Shira's latest and final book in the Ea trilogy, "Running with the Wind" is no "Transformers: Age of Extinction," let me tell you.
The other day, I was sitting on the couch and that latest Transformers movie was on, with Michael Bay's 10 million explosions and more car crashes than the Religious Right has baseless excuses against gay marriage. About 5 minutes of that and...
I. Was. BORED. To. Fucking. Tears.
So, no, "Running with the Wind" is *thankfully* nothing at all like that mindless drivel.
"Running" is smart and fun, not to mention well-written. And, *gasp*, the intricate plot actually makes sense, so I was engrossed from start to finish.

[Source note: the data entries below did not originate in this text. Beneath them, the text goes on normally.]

(* Let $\mathbb{X},\mathbb{Y}$ be two-dimensional smooth real Banach spaces, with $\mathbb{Y}$ in addition strictly convex. Let $T\in\mathbb{L}(\mathbb{X},\mathbb{Y})$ be of rank one with $\|T\|=1$. If $(x,Tx)$ is not a CPP for some $x\in M_T$, then $T$ is an extreme contraction.
   Context: $M_T=\{x\in S_{\mathbb{X}}:\|Tx\|=\|T\|\}$. A norm one $T$ is an extreme contraction if it is an extreme point of the closed unit ball of $\mathbb{L}(\mathbb{X},\mathbb{Y})$. $B(x,r)=\{u:\|u-x\|<r\}$. $x\perp_B y$ means $\|x+\lambda y\|\ge\|x\|$ for all real $\lambda$; $x^\perp=\{y:x\perp_By\}$. For $x\in S_{\mathbb{X}}$, $y\in S_{\mathbb{Y}}$, $(x,y)$ is a CPP if there exist $r>0,\mu>0$ such that for all $z\in x^\perp\cap S_{\mathbb{X}}$, all $w\in y^\perp\cap S_{\mathbb{Y}}$ and all $a,b\in\mathbb{R}$, $ax+bz\in B(x,r)\cap S_{\mathbb{X}}$ implies $\|ay+b\mu w\|\le1$. *)

From HB Require Import structures.
From mathcomp Require Import all_boot all_order all_algebra.
From mathcomp Require Import classical_sets reals.
Set Implicit Arguments. Unset Strict Implicit. Unset Printing Implicit Defensive.
Import Order.TTheory GRing.Theory Num.Theory.
Local Open Scope ring_scope.
Local Open Scope classical_set_scope.

(* A two-dimensional real normed space is modelled (up to linear isometry) as
   R^2 = 'rV[R]_2 equipped with an arbitrary norm N.  Finite-dimensional, hence
   automatically Banach. Operators X -> Y are 2x2 matrices acting on row
   vectors: T x := x *m T. *)
Section Defs.
Variable R : realType.
Notation V := 'rV[R]_2.

Definition is_norm (N : V -> R) : Prop :=
  [/\ forall x, 0 <= N x,
      forall x, N x = 0 -> x = 0,
      forall (a : R) x, N (a *: x) = `|a| * N x
    & forall x y, N (x + y) <= N x + N y].

(* linear functionals on R^2, represented by a row vector f *)
Definition app (f y : V) : R := \sum_(i < 2) f 0 i * y 0 i.

Definition supporting (N : V -> R) (f x : V) : Prop :=
  app f x = 1 /\ forall y, `|app f y| <= N y.

Definition smooth (N : V -> R) : Prop :=
  forall x, N x = 1 -> forall f g, supporting N f x -> supporting N g x -> f = g.

Definition strictly_convex (N : V -> R) : Prop :=
  forall x y, N x = 1 -> N y = 1 -> x != y -> N ((2^-1 : R) *: (x + y)) < 1.

Definition opnorm (NX NY : V -> R) (T : 'M[R]_2) : R :=
  sup [set NY (x *m T) | x in [set x : V | NX x <= 1]].

Definition normAttain (NX NY : V -> R) (T : 'M[R]_2) (x : V) : Prop :=
  NX x = 1 /\ NY (x *m T) = opnorm NX NY T.

Definition birkhoff (N : V -> R) (x y : V) : Prop :=
  forall l : R, N x <= N (x + l *: y).

Definition CPP (NX NY : V -> R) (x y : V) : Prop :=
  exists r : R, exists mu : R, 0 < r /\ 0 < mu /\
    forall (z w : V) (a b : R),
      birkhoff NX x z -> NX z = 1 ->
      birkhoff NY y w -> NY w = 1 ->
      NX (a *: x + b *: z - x) < r -> NX (a *: x + b *: z) = 1 ->
      NY (a *: y + (b * mu) *: w) <= 1.

Definition extreme_contraction (NX NY : V -> R) (T : 'M[R]_2) : Prop :=
  opnorm NX NY T <= 1 /\
  forall (S1 S2 : 'M[R]_2) (t : R),
    opnorm NX NY S1 <= 1 -> opnorm NX NY S2 <= 1 -> 0 < t < 1 ->
    T = t *: S1 + (1 - t) *: S2 -> S1 = T /\ S2 = T.
End Defs.

(* Suppose T = t S1 + (1 - t) S2 with S1, S2 in the unit ball, 0 < t < 1, and
   write T u = f(u) y with y = T x.  Strict convexity of Y forces
   x S1 = x S2 = y.  For a unit vector z0 in the kernel of f we have
   t z0 S1 + (1 - t) z0 S2 = 0, so by convexity d = t (1 - t) z0 S1 satisfies
   ||a y +- b d|| <= 1 whenever ||a x + b z0|| = 1.  If d <> 0 this is the CPP
   inequality with mu = ||d||: by smoothness of X the unit vectors
   Birkhoff-orthogonal to x are +-z0, and for w Birkhoff-orthogonal to y the
   y-coordinate of d in the basis (y, w) vanishes, for otherwise the unit sphere
   of X would have a corner at x.  Hence d = 0, which forces S1 = T, and
   symmetrically S2 = T. *)

From mathcomp Require Import all_boot all_order all_algebra.
From mathcomp Require Import classical_sets reals.
From mathcomp Require Import ring lra.
Import Order.TTheory GRing.Theory Num.Theory.
Local Open Scope ring_scope.
Local Open Scope classical_set_scope.
Set Implicit Arguments. Unset Strict Implicit. Unset Printing Implicit Defensive.
Theorem mainTheorem6 :
  (forall (n p : nat) (A : mat) (mu : nat -> R) (g : mat -> mat -> mat -> R),
     (1 <= p)%nat -> (p <= n)%nat ->
     symmetric n A ->
     0 < mu 0%nat -> (forall i, (S i < p)%nat -> mu i < mu (S i)) ->
     riemannian_metric n p g ->
     exists L, 0 < L /\
       forall (X eta : mat) (t : R),
         stiefel n p X -> tangent n p X eta -> sqrt (g X eta eta) = 1 -> 0 <= t ->
         exists d1 d0 : R,
           derivable_pt_lim
             (fun s => costf n p A mu (qr_retr n p X (madd (mscale t eta) (mscale s eta)))) 0 d1 /\
           derivable_pt_lim
             (fun s => costf n p A mu (qr_retr n p X (mscale s eta))) 0 d0 /\
           Rabs (d1 - d0) <= L * t)
  /\
  (forall (n : nat) (A : mat),
     (1 <= n)%nat -> symmetric n A ->
     exists L, 0 < L /\
       forall (x eta : vec) (t : R),
         vnorm n x = 1 -> vdot n x eta = 0 ->
         sqrt (sphere_metric n x eta eta) = 1 -> 0 <= t ->
         exists d1 d0 : R,
           derivable_pt_lim
             (fun s => sphere_cost n A (sphere_retr n x (vadd (vscale t eta) (vscale s eta)))) 0 d1 /\
           derivable_pt_lim
             (fun s => sphere_cost n A (sphere_retr n x (vscale s eta))) 0 d0 /\
           Rabs (d1 - d0) <= L * t).
Proof.
  split.
  - intros n p A mu g _ _ _ _ _ Hg. apply qr_retraction_lipschitz; auto.
  - intros n A Hn _. apply sphere_lipschitz; auto.
Qed.
Lemma catconv_delta1_rcons_y phi s : catconv phi delta1 (rcons s y) = 0.
Proof.
elim: s phi => [|c s IHs] phi; rewrite /= catconv_cons /delta1 letter_cons.
  by rewrite ucm_eq1 mul0r mulr0 add0r /catconv big_ord1 mulr0.
by rewrite IHs (_ : eps (rcons s y) = 0) ?mulr0 ?addr0 //; case: s {IHs}.
Qed.

Lemma ad_delta1_ones_y m : ad_delta1 m (ones_y m) = 1.
Proof.
elim: m => [|m IHm] /=; first by rewrite eqxx.
have ones_yS : ones_y m.+1 = one :: ones_y m by [].
by rewrite {1}ones_yS catconv_delta1_one IHm catconv_delta1_rcons_y subr0.
Qed.

Lemma ad_delta1_ones_y_neq m n : m != n -> ad_delta1 m (ones_y n) = 0.
Proof.
by move=> mn; apply: homogeneous_ad_delta1; rewrite size_rcons size_nseq eqSS eq_sym.
Qed.

End IteratedCommutators.

Section ChainOfIdeals.
Variables (C : comNzRingType) (X : choiceType) (lam : C) (x : X).
Local Notation Sha := (Sha C X).
Local Notation coshuffle := (coshuffle lam).
Local Notation ad_delta1 := (ad_delta1 C x).
Implicit Types (r f : Sha) (chi : Word X -> C).

Lemma mpair_sha_mul chi r f :
  mpair chi (sha_mul lam r f) =
  \sum_(s <- msupp r) \sum_(t <- msupp f)
     (r@_s * f@_t) * coshuffle (fun w => chi (mulcm s.1 t.1, w)) s.2 t.2.
Proof.
rewrite mpair_sum; apply: eq_bigr => s _; rewrite mpair_sum; apply: eq_bigr => t _.
rewrite mpairZ mpair_sum; congr (_ * _); apply: eq_bigr => w _.
by rewrite mpairU.
Qed.

Definition one_tail_free f : Prop := forall t : Word X, all_one t.2 -> f@_t = 0.

Definition ad_orthogonal n f : Prop :=
  forall m, (n <= m)%N -> mpair (fun t => ad_delta1 m t.2) f = 0.

Definition chain_ideal n f : Prop := one_tail_free f /\ ad_orthogonal n f.

Lemma one_tail_free_mul r f : one_tail_free f -> one_tail_free (sha_mul lam r f).
Proof.
move=> f1 t t1; rewrite mcoeff_mpair mpair_sha_mul big1 // => s _; apply: big1 => u _.
have [u1|nu1] := boolP (all_one u.2); first by rewrite f1 // mulr0 mul0r.
rewrite coshuffle_one_supported ?mulr0 // => w nw.
have [wt|//] := eqVneq (mulcm s.1 u.1, w) t.
by rewrite -wt /= (negbTE nw) in t1.
Qed.

Lemma ad_orthogonal_mul n r f :
  one_tail_free f -> ad_orthogonal n f -> ad_orthogonal n (sha_mul lam r f).
Proof.
move=> f1 fad m nm; rewrite mpair_sha_mul.
rewrite (eq_bigr (fun s => r@_s * weight lam m s.2 * mpair (fun t => ad_delta1 m t.2) f)).
  by rewrite big1 // => s _; rewrite fad // mulr0.
move=> s _; rewrite mmapE big_distrr; apply: eq_bigr => t _ /=.
rewrite skew_primitive_ad_delta1.
have [t1|nt1] := boolP (all_one t.2); first by rewrite f1 // !(mulr0, mul0r).
by rewrite (one_supported_weight _ _ nt1) mulr0 add0r; ring.
Qed.

Lemma sha_ideal_chain_ideal n : sha_ideal lam (chain_ideal n).
Proof.
split.
- by split=> [t _|m _]; rewrite ?mcoeff0 ?raddf0.
- move=> f g [f1 fad] [g1 gad]; split=> [t t1|m nm].
    by rewrite mcoeffB f1 // g1 // subr0.
  by rewrite raddfB /= fad // gad // subr0.
- by move=> r f [f1 fad]; split; [apply: one_tail_free_mul | apply: ad_orthogonal_mul].
Qed.

Lemma chain_idealS n f : chain_ideal n f -> chain_ideal n.+1 f.
Proof. by case=> f1 fad; split=> // m /ltnW; apply: fad. Qed.

Lemma ones_y_chain_ideal n : chain_ideal n.+1 << (onecm X, ones_y x n) >>.
Proof.
split=> [t t1|m nm]; last by rewrite mpairU mul1r ad_delta1_ones_y_neq // gtn_eqF.
by rewrite mcoeffU; case: eqP => // tn; rewrite -tn all_one_ones_y in t1.
Qed.

Lemma ones_y_notin_chain_ideal n : ~ chain_ideal n << (onecm X, ones_y x n) >>.
Proof.
case=> _ /(_ n (leqnn n)); rewrite mpairU mul1r ad_delta1_ones_y.
exact/eqP/oner_neq0.
Qed.

End ChainOfIdeals.

Theorem theorem3p3 (C : comNzRingType) (X : choiceType) (lambda : C) :
  char_zero C -> (exists x : X, True) -> ~ @sha_noetherian C X lambda.
Proof.
move=> _ [x _] /(_ _ (sha_ideal_chain_ideal lambda x) (@chain_idealS C X x)) [N stable].
apply: (ones_y_notin_chain_ideal (x := x) (n := N)).
by apply/(stable N.+1 (leqnSn N)); apply: ones_y_chain_ideal.
Qed.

No, the majority of the book is not centered around action. Instead, the complex world building from the two previous books continues here in the third. And I was thrilled.
We learn more of not only the history of the Ea, but also some of the myths behind where both dragons (DRAGONS, people!!!) and humans originated.
This book was as fascinating as it was entertaining.
There was no fighting for fighting's sake. No drama for drama's sake. This story didn't rush, but it was still tight and painted an amazingly rich picture. One from which I couldn't pull myself away.
And while there were both old and new friends in the book, with the story continuing on as Taren works to rescue his people from the evil Ea Council, much of my excitement surrounded Bastian, since being found after his rebirth as a fledgling dragon at the end of the second book.
A baby dragon. What's not to love, right???
But young dragons don't stay young for very long, which leaves Odhran with conflicted feelings toward Bastian. He's first and foremost Bastian's protector, always.
But as Bastian quickly grows into a man, Odhran's internal battle isn't an easy one to reconcile, especially after having resisted love for an entire millennium.
So no spoilers, other than to say that the story is very nicely wrapped up with a very happy HEA and what, I feel, would be a great jumping off point for a book (or books?) for Bastian and Odhran.
So 5 very well-earned *you-are-thankfully*no-transformers* stars and I couldn't be happier with the way this story wrapped up.
My ARC copy of this book was provided by the publisher for a fair, unbiased review.